Blog

Installation of geothermal piles (CASE: Toriparkki Car Park, Turku)

A new car park is being constructed underneath the Turku Market Square. The parking lot will have 620 parking spaces and there will also be 20 charging points for electric vehicles.

The car park (called Toriparkki) is a so-called zero-energy car park. It will be heated using, amongst other things, the geothermal energy stored in the layer of clay underneath the car park. Rotopile undertook the job of embedding the geothermal collectors into the clay layer underneath the car park.

Multiple screw piles were installed underground to be used as so-called energy piles. This way, the geothermal collectors were able to be embedded up to 36 meters deep – a depth in which heat production is excellent. The car park is also exceptional because the ground is heated using solar energy, which improves the heat generation capacity of the system even further.

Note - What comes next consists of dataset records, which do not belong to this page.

Lemma three_distinct_bij (T U : eqType) (f : T -> U) (g : U -> T)
    (Q : T -> Prop) (Q' : U -> Prop) :
  cancel f g -> cancel g f -> (forall x, Q x <-> Q' (f x)) ->
  three_distinct Q <-> three_distinct Q'.
Proof.
move=> fK gK hQ.
have hQ' y : Q' y <-> Q (g y) by rewrite hQ gK.
split=> -[x1 [x2 [x3 [[q1 q2 q3] [d12 d13 d23]]]]].
  exists (f x1), (f x2), (f x3); rewrite !(inj_eq (can_inj fK)).
  by split; [split; apply/hQ |].
exists (g x1), (g x2), (g x3); rewrite !(inj_eq (can_inj gK)).
by split; [split; apply/hQ' |].
Qed.

Section StandardFibre.
Variable K : fieldType.

Definition std_fibre (w : 'rV[K]_3) (Y : 'rV[K]_5) : Prop :=
  std_scroll Y /\ Y *m std_proj K = w.

(** The point of [S(1,2)] with parameters [(s, t) = (s, 1)], [u = y + x s^2], [v = -x]. *)
Definition fibre_point (x y s : K) : 'rV[K]_5 :=
  vec5 (s * (y + x * s ^+ 2)) (y + x * s ^+ 2) (- (x * s ^+ 2)) (- (x * s)) (- x).

Lemma std_fibreE x y z (Y : 'rV[K]_5) :
  std_fibre (row3 x y z) Y <->
  std_scroll Y /\ [/\ - Y 0 j4 = x, Y 0 j1 + Y 0 j2 = y & - Y 0 j0 = z].
Proof. by rewrite /std_fibre std_projE row3_eq. Qed.

Lemma std_fibre_x0 y z (Y : 'rV[K]_5) : std_fibre (row3 0 y z) Y ->
  Y = vec5 (- z) y 0 0 0 \/ Y = vec5 (- z) 0 y 0 0.
Proof.
case/std_fibreE=> -[s [t [u [v [_ [_ ->]]]]]].
rewrite !mxE /= => -[/eqP h4 h12 h0].
move: h4; rewrite oppr_eq0 mulf_eq0 expf_eq0 /= => /orP [/eqP t0|/eqP v0].
  by right; rewrite -h0 -h12 t0; congr vec5; ring.
by left; rewrite -h0 -h12 v0; congr vec5; ring.
Qed.
(* The coefficient matrix [A] of [f] in [b] satisfies [A G A^T = 1] for the
   Gram matrix [G] of [b], so [A] is invertible. *)
Lemma sub_span_orthonormal (b : 'I_k -> V) :
  (forall i, span_of b (f i)) -> span_of b `<=` span_of f.
Proof.
move=> fb t [a ->].
have /choice [Af hA] : forall i, exists c : 'I_k -> R, f i = \sum_j c j *: b j.
  by move=> i; have [c ->] := fb i; exists c.
pose A : 'M[R]_k := \matrix_(i, j) Af i j.
pose G : 'M[R]_k := \matrix_(j, l) ip (b j) (b l).
have AGA : A *m G *m A^T = 1%:M.
  apply/matrixP => i l; rewrite [RHS]mxE -hf hA hA ip_suml -mulmxA mxE.
  apply: eq_bigr => j _; rewrite !mxE ipZl ip_sumr; congr (_ * _).
  by apply: eq_bigr => m _; rewrite !mxE ipZr mulrC.
have Au : A \in unitmx.
  rewrite unitmxE unitfE; apply/eqP => dA; have /eqP := congr1 determinant AGA.
  by rewrite !det_mulmx dA !mul0r det1 eq_sym oner_eq0.
pose be := (\row_j a j) *m invmx A.
exists (fun i => be 0 i).
transitivity (\sum_i \sum_j (be 0 i * Af i j) *: b j); last first.
  by apply: eq_bigr => i _; rewrite hA scaler_sumr; apply: eq_bigr => j _; rewrite scalerA.
rewrite exchange_big; apply: eq_bigr => j _.
have /matrixP /(_ 0 j) := mulmxKV Au (\row_j a j); rewrite !mxE => <-.
by rewrite scaler_suml; apply: eq_bigr => i _; rewrite [A i j]mxE.
Qed.

Lemma has_dim_sub_span (S : set V) : has_dim S k -> (forall i, S (f i)) -> S `<=` span_of f.
Proof. by move=> [b [_ ->]]; apply: sub_span_orthonormal. Qed.

End Orthonormal.
End InnerProduct.

(** * Spectral comparison on column vectors *)

Lemma linear_quadratic_le0 (R : realFieldType) (a b : R) :
  (forall t, a * t + b * t ^+ 2 <= 0) -> a = 0.
Proof.
move=> H; pose D := 1 + b ^+ 2.
have D0 : 0 < D by rewrite ltr_pwDl ?sqr_ge0.
have Db : 0 < D + b by rewrite /D; nra.
have := H (a / D); have -> : a * (a / D) + b * (a / D) ^+ 2 = a ^+ 2 * (D + b) / D ^+ 2.
  by field; rewrite gt_eqF.
rewrite pmulr_lle0 ?invr_gt0 ?exprn_gt0 // pmulr_lle0 // => a2.
by apply/eqP; rewrite -sqrf_eq0 eq_le a2 sqr_ge0.
Qed.

Section DotProduct.
Variable R : realType.

Definition dot n (x y : 'cV[R]_n) : R := \sum_i x i 0 * y i 0.

Lemma dotE n (x y : 'cV[R]_n) : dot x y = (x^T *m y) 0 0.
Proof. by rewrite /dot mxE; apply: eq_bigr => i _; rewrite mxE. Qed.

Lemma dot_inner_product n : inner_product (@dot n).
Proof.
split=> [x y|a x y z|x|x].
- by apply: eq_bigr => i _; rewrite mulrC.
- by rewrite /dot mulr_sumr -big_split; apply: eq_bigr => i _; rewrite !mxE mulrDl mulrA.
- by apply: sumr_ge0 => i _; rewrite -expr2 sqr_ge0.
- move=> /eqP; rewrite psumr_eq0 => [/allP x0|i _]; last by rewrite -expr2 sqr_ge0.
  apply/matrixP => i j; rewrite (ord1 j) mxE.
  by have := x0 i (mem_index_enum i); rewrite -expr2 sqrf_eq0 => /eqP.
Qed.

Lemma dot_mulmx n (A : 'M[R]_n) x y : dot x (A *m y) = dot (A^T *m x) y.
Proof. by rewrite !dotE trmx_mul trmxK mulmxA. Qed.

End DotProduct.
Arguments dot {R n} x y.

Section Spectral.
Variables (R : realType) (n : nat).
Implicit Types (x : 'cV[R]_n) (f g : 'I_n -> 'cV[R]_n) (P : 'M[R]_n).
Let dotP := dot_inner_product R n.
(* Let $q\ge2$ be a prime power, $d\ge6$ and $2\le j\le d$. Then $|Q_j(d-2)|>|Q_j(d-1)|$. Moreover, for $i\in\{d-2,d-1\}$, $Q_j(i)$ has the same sign as $T_{h_{\max}}(i,j)$, where $h_{\max}=\min\{j,d-i\}$.
   Context: Let $b=-q$. For integers $m\ge0$ and $l$, ${m\brack l}_b=\prod_{t=1}^{l}\frac{b^{m-t+1}-1}{b^t-1}$ for $l\ge0$ and $0$ for $l<0$. For $0\le i,j\le d$, $$Q_j(i)=\sum_{h=0}^{\min\{j,d-i\}}(-1)^j(-q)^{\binom{j-h}{2}+hd}{d-h\brack d-j}_b{d-i\brack h}_b,$$ the eigenvalues of the Hermitian forms graph $Q_q(d,j)$. $T_h(i,j)$ denotes the $h$-th summand (including the factor $(-1)^j$). *)

From mathcomp Require Import all_boot all_order all_algebra.
Set Implicit Arguments. Unset Strict Implicit. Unset Printing Implicit Defensive.
Import Order.TTheory GRing.Theory Num.Theory.
Local Open Scope ring_scope.

Definition prime_power (q : nat) : Prop :=
  exists p k : nat, prime p /\ (0 < k)%N /\ q = (p ^ k)%N.

(* Gaussian binomial [m brack l]_b = prod_{t=1}^{l} (b^(m-t+1)-1)/(b^t-1),
   written with t' = t-1 ranging over 0..l-1.  Only nonnegative l occurs. *)
Definition gbin (b : rat) (m l : nat) : rat :=
  \prod_(t < l) ((b ^+ (m - t) - 1) / (b ^+ t.+1 - 1)).

Definition Tsum (q d i j h : nat) : rat :=
  let b : rat := - (q%:R) in
  (-1) ^+ j * b ^+ ('C(j - h, 2) + h * d) * gbin b (d - h) (d - j)
    * gbin b (d - i) h.

Definition Qeig (q d i j : nat) : rat :=
  \sum_(h < (minn j (d - i)).+1) Tsum q d i j h.

From mathcomp Require Import all_boot all_order all_algebra.
From mathcomp Require Import ring lra zify.
Import Order.TTheory GRing.Theory Num.Theory.
Set Implicit Arguments. Unset Strict Implicit. Unset Printing Implicit Defensive.
Local Open Scope ring_scope.
Lemma inverse_on_cone (eta : R) : 0 < eta ->
  exists eta' M K : R, [/\ 0 < eta', 0 < M, 0 < K & forall z : C, Gamma eta M z ->
    exists w : C, [/\ eta' * `|Re w| < Im w, K * cmod z < Im w,
      G_alpha_sr alpha s 2 w = z^-1 & z ^+ 2 / F_monotone_stable alpha (s / 4) z = w]].
Proof.
move=> he; have hth := atan_sector he; set th := atan eta in hth *.
have /andP[th0 th1] := hth; have hpi := pi_gt0 R.
have hg : 0 < alpha * th / 2 <= pi.
  by have /andP[g0 g1] := alpha_angle hth; apply/andP; split; lra.
have /andP[e0 e1] := arg_radius_bounds hg; set e := arg_radius _ in e0 e1 *.
have hth2 : 0 < th / 2 <= pi / 2 by apply/andP; split; lra.
exists (sin (th / 2)), (expR ((ln (cmod s) - ln e) / alpha)),
  (expR (- (ln (1 + e) / alpha)) * sin (th / 2)).
have st0 : 0 < sin (th / 2) by apply: sin_gt0_pi; apply/andP; split; lra.
split; rewrite ?mulr_gt0 ?expR_gt0 // => z [hz1 hz2].
have hz := lt_trans (expR_gt0 _) hz1; have z0 := cmod_gt0 (Im_gt0_neq0 hz).
have harg : th < Im (log1 z) < pi - th := cone_arg he hz hz2.
have hs := cmod_pow1_oppV_lt alpha_gt0 e0 s_neq0 (lt_le_trans hz1 (Im_le_cmod z)).
set t := pow1 (- z^-1) alpha in hs *.
have hu : cmod (- (t * (s / 4))) <= e.
  by rewrite cmodN mulrA [t * s]mulrC (le_trans (cmod_divn_le _ _) (ltW hs)).
have [u0 hlam hRe] := logP_near1 hg hu; set lam := logP _ in hlam hRe.
have lamE : cexp lam = 1 - t * (s / 4) := logPK u0.
have /andP[la1 la2] := alphaV_Im_bound hlam.
set X := log1 z - alpha^-1%:C * lam.
have hX : th / 2 < Im X < pi - th / 2.
  by move: harg; rewrite /X ImD ImN ImZ => /andP[L1 L2]; apply/andP; split; lra.
have [c1 c2] := sector_cone hth2 hX.
exists (cexp X); split => //.
- apply: le_lt_trans c2; rewrite mulrAC ler_pM2r // /X ReD ReN ReZ expRD /=.
  rewrite lnK ?posrE // mulrC ler_pM2l //.
  by rewrite ler_expR lerN2 mulrC ler_pM2r ?invr_gt0.
- exact: G_cexp_inverse hth hz harg (lt_trans hs e1) lamE hlam.
- rewrite (F_stable_cexp hth hz harg lamE hlam) -{1}(log1K (Im_gt0_neq0 hz)).
  by rewrite -cexpN expr2 -!cexpD /X; congr cexp; ring.
Qed.

End StableLaws.

Lemma admissible_range (R : realType) (alpha : R) (s : R[i]) :
  admissible alpha s -> [/\ 0 < alpha, alpha <= 2 & s != 0].
Proof.
move=> [s0 [[/andP[a0 a1] _] | [/andP[a0 a1] _]]]; split => //.
- by apply: le_trans a1 _; rewrite ler1n.
- exact: lt_trans ltr01 a0.
Qed.
Definition fine_cover (d : R -> R -> R) (D delta : R) (I : list (R * R)) : Prop :=
  (forall J, In J I ->
     0 <= fst J <= snd J /\ snd J <= 1 /\ snd J - fst J <= delta /\
     forall z z', fst J <= z <= snd J -> fst J <= z' <= snd J -> d z z' <= D * (snd J - fst J)) /\
  (forall x, 0 <= x <= 1 -> exists J, In J I /\ fst J <= x <= snd J).

Lemma exists_interval_extending_right (I : list (R * R)) z v : z < v ->
  (forall x, z < x < v -> exists J, In J I /\ fst J <= x <= snd J) ->
  exists J, In J I /\ fst J <= z < snd J.
Proof.
  revert v. induction I as [|J I IH]; intros v Hzv Hcov.
  - destruct (Hcov ((z + v) / 2)) as [J [[] _]]; lra.
  - assert (Hcov' : forall v', v' <= v -> (forall x, z < x < v' -> ~ (fst J <= x <= snd J)) ->
                    forall x, z < x < v' -> exists J', In J' I /\ fst J' <= x <= snd J').
    { intros v' Hv' HJ x Hx. destruct (Hcov x ltac:(lra)) as [J' [[<-|HJ'] Hx']].
      - exfalso. exact (HJ x Hx Hx').
      - exists J'. tauto. }
    destruct (Rle_dec (fst J) z) as [Hlo|Hlo]; [destruct (Rlt_dec z (snd J)) as [Hhi|Hhi]|].
    + exists J. simpl. tauto.
    + destruct (IH v Hzv (Hcov' v (Rle_refl v) ltac:(intros x Hx Hx'; lra))) as [J' HJ'].
      exists J'. simpl. tauto.
    + pose proof (Rmin_l v (fst J)); pose proof (Rmin_r v (fst J)).
      assert (Hz : z < Rmin v (fst J)) by (apply Rmin_glb_lt; lra).
      destruct (IH _ Hz (Hcov' (Rmin v (fst J)) ltac:(lra) ltac:(intros x Hx Hx'; lra)))
        as [J' HJ'].
      exists J'. simpl. tauto.
Qed.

Solar energy provides heat year-round

During the summer, the car park’s heating system collects heat generated by solar radiation from the surface of the market square. The pipework used for collecting the heat, which is situated underneath the paving of the market square, transfers a liquid heated by the radiation into the energy piles. The energy piles then give out heat into the surrounding land mass. The heat is eventually stored in the clay soil underneath the car park. The thermal input of a fully heated clay mass is approximately 6,6 MW.

In the winter, the warm clay mass releases heat into the liquid circulating in the energy piles, which in turn transfers it up to the surface of the market square keeping it free from snow and frost. At the same time it also heats the parking space in the car park. Whilst the car park is being constructed, Turku Market Square will also be renovated, which will be completed in stages throughout 2021.

Is it expensive to install long screw piles?

Usually, the more material is used in a piling project, the bigger the price tag. However, there is a positive side to this: if the piles can also be utilised as part of a heating system, then a lot of piles could be a good thing.

Roughly, even just 150 pile meters will be enough to heat and cool a regular detached house. The method can also be used in bigger buildings. 

In addition to Toriparkki in Turku, Rotopile has installed energy screw piles into a 4 000 m2 sports hall (www.uusimaa areena.fi) in Porvoo. The hall has not had to be connected to the district heating system at all, since it’s more cost-effective to heat the building using the thermal energy generated by the energy piles.